Let’s run through the different types of banking institutions. In doing so, though, please bear in mind that often the really big banking groups are comprised of a combination of these types of institutions!
1. High street banks
The familiar face of banking, high street banks offer a range of accounts and services primarily to Personal and Small Business segment customers. Their bread and butter has traditionally been to sell products via their extensive branch networks, although many have now converted to a multi channel business model and use the Internet, Mobile, and Telephony channels to attract and retain customers. Amongst the products that they offer are checking/current accounts, deposit savings accounts, loans, credit cards, and mortgages.
2. Remote channel banks (e.g. Egg, Intelligent Finance)

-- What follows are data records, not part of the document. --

(* Cellularly embedded graphs in an orientable surface, encoded combinatorially
   by a rotation system (Heffter-Edmonds).  Edges are a finType [Ed]; each edge
   e has two darts (e,true),(e,false); [dflip] exchanges them.  [rot] is the
   rotation (cyclic order of darts around each vertex); vertices are the
   orbits of [rot] (represented by the type [Vx] with the map [vert]); faces
   are the orbits of [rot \o dflip] (type [Fc], map [face]).  The primal edge e
   joins vert (e,true) and vert (e,false); the dual edge e^* joins the two
   faces face (e,true), face (e,false) on the two sides of e.  The degenerate
   one-vertex edgeless graph is allowed separately.  Genus zero (sphere /
   plane) is expressed by Euler's formula |V| - |E| + |U| = 2.                *)

Definition dflip (T : Type) (d : (T * bool)%type) : (T * bool)%type := (d.1, ~~ d.2).

Definition face_perm (T : finType) (rot : {perm ((T * bool)%type)}) (d : (T * bool)%type) :=
  rot (dflip d).

Definition adj_in (E V : finType) (vert : (E * bool)%type -> V) (w : {set E}) : rel V :=
  fun x y => [exists e in w,
    ((vert (e, true) == x) && (vert (e, false) == y)) ||
    ((vert (e, false) == x) && (vert (e, true) == y))].

Record planar_map := PlanarMap {
  Ed : finType;
  Vx : finType;
  Fc : finType;
  rot : {perm ((Ed * bool)%type)};
  vert : (Ed * bool)%type -> Vx;
  face : (Ed * bool)%type -> Fc;
  vert_orbits : forall d d', vert d = vert d' <-> fconnect rot d d';
  face_orbits : forall d d', face d = face d' <-> fconnect (face_perm rot) d d';
  covering : (forall v, exists d, vert d = v) /\ (forall u, exists d, face d = u)
             \/ [/\ #|Ed| = 0%N, #|Vx| = 1%N & #|Fc| = 1%N];
  connected : forall x y : Vx, connect (adj_in vert [set: Ed]) x y;
  genus_zero : (#|Vx| + #|Fc| = #|Ed| + 2)%N
}.

Section Model.
Variable (R : realType) (G : planar_map).
Variables (Q Q' : seq R[i]) (a b : R).

Definition spinV := {ffun Vx G -> seq_sub Q}.
Definition spinF := {ffun Fc G -> seq_sub Q'}.

(* eta(sigma): edges e whose dual e^* lies in eta(sigma), i.e. the endpoints
   of the primal edge e carry different sigma-values. *)
Definition etaV (s : spinV) : {set Ed G} :=
  [set e | s (vert (e, true)) != s (vert (e, false))].
Definition etaF (s' : spinF) : {set Ed G} :=
  [set e | s' (face (e, true)) != s' (face (e, false))].

(* joint (unnormalised) weight of (sigma, sigma', omega):
   a^{|eta(sigma')|} b^{|eta(sigma)|} on Sigma, times the percolation
   probabilities of the free pairs: edges of eta(sigma') are open, edges whose
   dual is in eta(sigma) are closed, the others open w.p. a, closed w.p. b. *)
Definition joint_weight (s : spinV) (s' : spinF) (w : {set Ed G}) : R :=
  if [&& [disjoint etaV s & etaF s'], etaF s' \subset w & [disjoint w & etaV s]]
  then a ^+ #|etaF s'| * b ^+ #|etaV s|
       * a ^+ #|w :\: etaF s'| * b ^+ #|~: w :\: etaV s|
  else 0.

Definition joint_total : R :=
  \sum_(s : spinV) \sum_(s' : spinF) \sum_(w : {set Ed G}) joint_weight s s' w.

Definition omega_marginal (w : {set Ed G}) : R :=
  (\sum_(s : spinV) \sum_(s' : spinF) joint_weight s s' w) / joint_total.
End Model.

Definition ncomp (G : planar_map) (w : {set Ed G}) : nat :=
  #|[set x : Vx G | fingraph.root (adj_in (@vert G) w) x == x]|.

Definition rc_weight (R : realType) (G : planar_map) (Qc : nat) (p : R)
  (w : {set Ed G}) : R :=
  Qc%:R ^+ ncomp w * p ^+ #|w| * (1 - p) ^+ #|~: w|.

Definition rc_law (R : realType) (G : planar_map) (Qc : nat) (p : R)
  (w : {set Ed G}) : R :=
  rc_weight Qc p w / \sum_(w' : {set Ed G}) rc_weight Qc p w'.

(* Given omega, the compatible spin configurations are the sigma constant on the
   clusters of omega and the sigma' constant on the clusters of the dual graph
   with edge set (E \ omega)^*, each with weight a^|omega| b^|E \ omega|.  So the
   marginal of omega is proportional to q^k(omega) q'^k*(omega) a^|omega| b^|E \ omega|,
   where k* counts dual clusters.  On the sphere k*(omega) + |V| = k(omega) + |omega| + 1,
   which turns this weight into (q q')^k(omega) (q' a)^|omega| b^|E \ omega|, i.e.
   FK(q q') with p = q' a / (q' a + b).
   For this Euler relation, adding an edge e to omega cannot increase the defect
   k*(omega) + |V| - k(omega) - |omega| - 1: if the ends of e are already joined
   in omega, k is unchanged and k* grows by at most one; otherwise the two faces
   of e are already joined in the dual without e^*, since else, around the
   vertices of the omega-cluster of one end of e, the darts where the rotation
   enters or leaves the dual cluster of one face of e would be both even and odd
   in number.  The defect vanishes for omega empty and, by Euler's formula for G,
   for omega = E, hence everywhere. *)

From Pilot Require Import Defs.
From HB Require Import structures.
From mathcomp Require Import all_boot all_order all_fingroup all_algebra.
From mathcomp Require Import complex.
From mathcomp Require Import reals.
From mathcomp Require Import zify ring lra.
Import Order.TTheory GRing.Theory Num.Theory.
Set Implicit Arguments. Unset Strict Implicit. Unset Printing Implicit Defensive.

Lemma connect_ind (T : finType) (e : rel T) x (P : T -> Prop) :
  P x -> (forall y z, P y -> e y z -> P z) -> forall y, connect e x y -> P y.
Proof.
move=> Px stepP y /connectP[p pth ->]; elim: p x Px pth => //= z p IHp x Px.
by case/andP=> exz pz; exact: IHp (stepP _ _ Px exz) pz.
Qed.

Section Components.
Variables (E V : finType) (vm : E * bool -> V).

Definition ncomp_in (A : {set E}) := n_comp (adj_in vm A) V.

Definition joins e x y :=
  (vm (e, true) == x) && (vm (e, false) == y) ||
  (vm (e, false) == x) && (vm (e, true) == y).

Lemma adj_inE A x y : adj_in vm A x y = [exists e in A, joins e x y].
Proof. by []. Qed.

Lemma joins_sym e : symmetric (joins e).
Proof. by move=> x y; rewrite /joins orbC; congr (_ || _); exact: andbC. Qed.

Lemma adj_in_sym A : symmetric (adj_in vm A).
Proof.
move=> x y; rewrite !adj_inE.
by apply/existsP/existsP => -[e]; exists e; rewrite joins_sym.
Qed.

Lemma connect_adj_in_sym A : connect_sym (adj_in vm A).
Proof. exact/sym_connect_sym/adj_in_sym. Qed.

Lemma adj_in_setU1 A e x y :
  adj_in vm (e |: A) x y = joins e x y || adj_in vm A x y.
Proof.
rewrite !adj_inE; apply/existsP/orP => [[e' /andP[]]|[exy|/existsP[e' /andP[e'A]]]].
- rewrite in_setU1 => /orP[/eqP-> | e'A] h; first by left.
  by right; apply/existsP; exists e'; rewrite e'A.
- by exists e; rewrite setU11.
- by exists e'; rewrite in_setU1 e'A orbT.
Qed.

Local Notation linked A := (connect (adj_in vm A)).

Definition reaches_end A e x := linked A x (vm (e, true)) || linked A x (vm (e, false)).

Lemma reaches_end_trans A e x y :
  linked A x y -> reaches_end A e y -> reaches_end A e x.
Proof. by move=> xy /orP[] ye; rewrite /reaches_end (connect_trans xy ye) ?orbT. Qed.

Lemma connect_adj_in_setU1 A e u v : linked (e |: A) u v ->
  linked A u v \/ reaches_end A e u /\ reaches_end A e v.
Proof.
elim/connect_ind => [|y z IHy]; first by left.
rewrite adj_in_setU1 => /orP[eyz | Ayz].
  have [ey ez] : reaches_end A e y /\ reaches_end A e z.
    by case/orP: eyz => /andP[/eqP<- /eqP<-]; rewrite /reaches_end !connect0 !orbT.
  by right; split=> //; case: IHy => [uy|[]//]; exact: reaches_end_trans ey.
have yz : linked A y z := connect1 Ayz.
case: IHy => [uy|[ue ye]]; first by left; exact: connect_trans uy yz.
right; split=> //; apply: reaches_end_trans ye.
by rewrite connect_adj_in_sym.
Qed.

Lemma connect_adj_in_setU1_eq A e :
  linked A (vm (e, true)) (vm (e, false)) -> linked (e |: A) =2 linked A.
Proof.
move=> ends u v; apply/idP/idP; last first.
  by apply: connect_sub => x y Axy; apply: connect1; rewrite adj_in_setU1 Axy orbT.
have to_true x : reaches_end A e x -> linked A x (vm (e, true)).
  by case/orP=> // xf; rewrite (connect_trans xf) // connect_adj_in_sym.
case/connect_adj_in_setU1 => [//|[/to_true ue /to_true ve]].
by rewrite (connect_trans ue) // connect_adj_in_sym.
Qed.

Lemma ncomp_in_setU1_eq A e :
  linked A (vm (e, true)) (vm (e, false)) -> ncomp_in (e |: A) = ncomp_in A.
Proof. by move=> ends; exact: (eq_n_comp (connect_adj_in_setU1_eq ends)). Qed.

Lemma ncomp_inE A : ncomp_in A = #|[set x | fingraph.root (adj_in vm A) x == x]|.
Proof. by apply: eq_card => x; rewrite !inE andbT. Qed.

Lemma ncomp_in_setU1_ge A e : (ncomp_in A <= (ncomp_in (e |: A)).+1)%N.
Proof.
have symA := connect_adj_in_sym A; have symAe := connect_adj_in_sym (e |: A).
rewrite !ncomp_inE.
set rootsA := [set x | _ == x]; set rootsAe := [set x | _ == x].
set r := fingraph.root (adj_in vm (e |: A)).
set r_false := fingraph.root (adj_in vm A) (vm (e, false)).
have r_inj : {in rootsA :\ r_false &, injective r}.
  have to_true x : x != r_false -> fingraph.root (adj_in vm A) x = x ->
      reaches_end A e x -> linked A x (vm (e, true)).
    move=> xf rx /orP[//|/(fingraph.rootP symA)]; rewrite rx => xfE.
    by rewrite xfE eqxx in xf.
  move=> x y; rewrite !inE => /andP[xf /eqP rx] /andP[yf /eqP ry].
  move/(fingraph.rootP symAe)/connect_adj_in_setU1 => [/(fingraph.rootP symA)|[ue ve]].
    by rewrite rx ry.
  rewrite -rx -ry; apply/(fingraph.rootP symA); rewrite (connect_trans (to_true x xf rx ue)) //.
  by rewrite connect_adj_in_sym to_true.
have sub : r @: (rootsA :\ r_false) \subset rootsAe.
  by apply/subsetP => _ /imsetP[x _ ->]; rewrite inE fingraph.root_root.
rewrite (cardsD1 r_false rootsA); have := subset_leq_card sub.
by rewrite card_in_imset //; case: (r_false \in rootsA) => /= h; rewrite ?ltnS // ltnW.
Qed.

Characterized by the lack of a branch network, these banks are often labeled as Internet banks. However, they tend to offer customers the ability to transact either via the Internet or telephone. They are often owned by large High street bank groups. For example, Intelligent Finance is owned by the Lloyds TSB Group.
3. Supermarket banks
A number of supermarkets, such as Tesco and Sainsburys, have launched financial service arms in recent years. These banks tend to be set up in partnership, however, with established high street banks.
4. Offshore banks
Offshore banks tend to promote their services to high net worth customers. Customers can take advantage of lower tax regimes to get a better return than they would with a bank that is domiciled in their domestic jurisdiction.
5. Building Societies
Building societies are not banks in the strictest sense of the word, but they offer similar services. Many of the original building societies, such as Halifax, have actually become banks in recent years. Nationwide is an example of a company that has retained its building society status. Building societies are mutual companies which means that, unlike banks, they don’t need to pay dividends to shareholders.
6. Investment banks
Investment banks get involved in the issuing and selling of securities, as well as providing advisory services relating to acquisitions and mergers. They don’t offer products to the public. They have come under immense scrutiny in recent times, due to the role they have played in the collapse of many banks’ balance sheets.
7. Bancassurance companies:
It used to be the case that you went to a bank if you wanted a checking account,and you went to an insurance company if you wanted home insurance. However, the boundaries between banks and insurance companies have blurred over the last couple of decades and many banks now offer regulated insurance products alongside their standard bank accounts.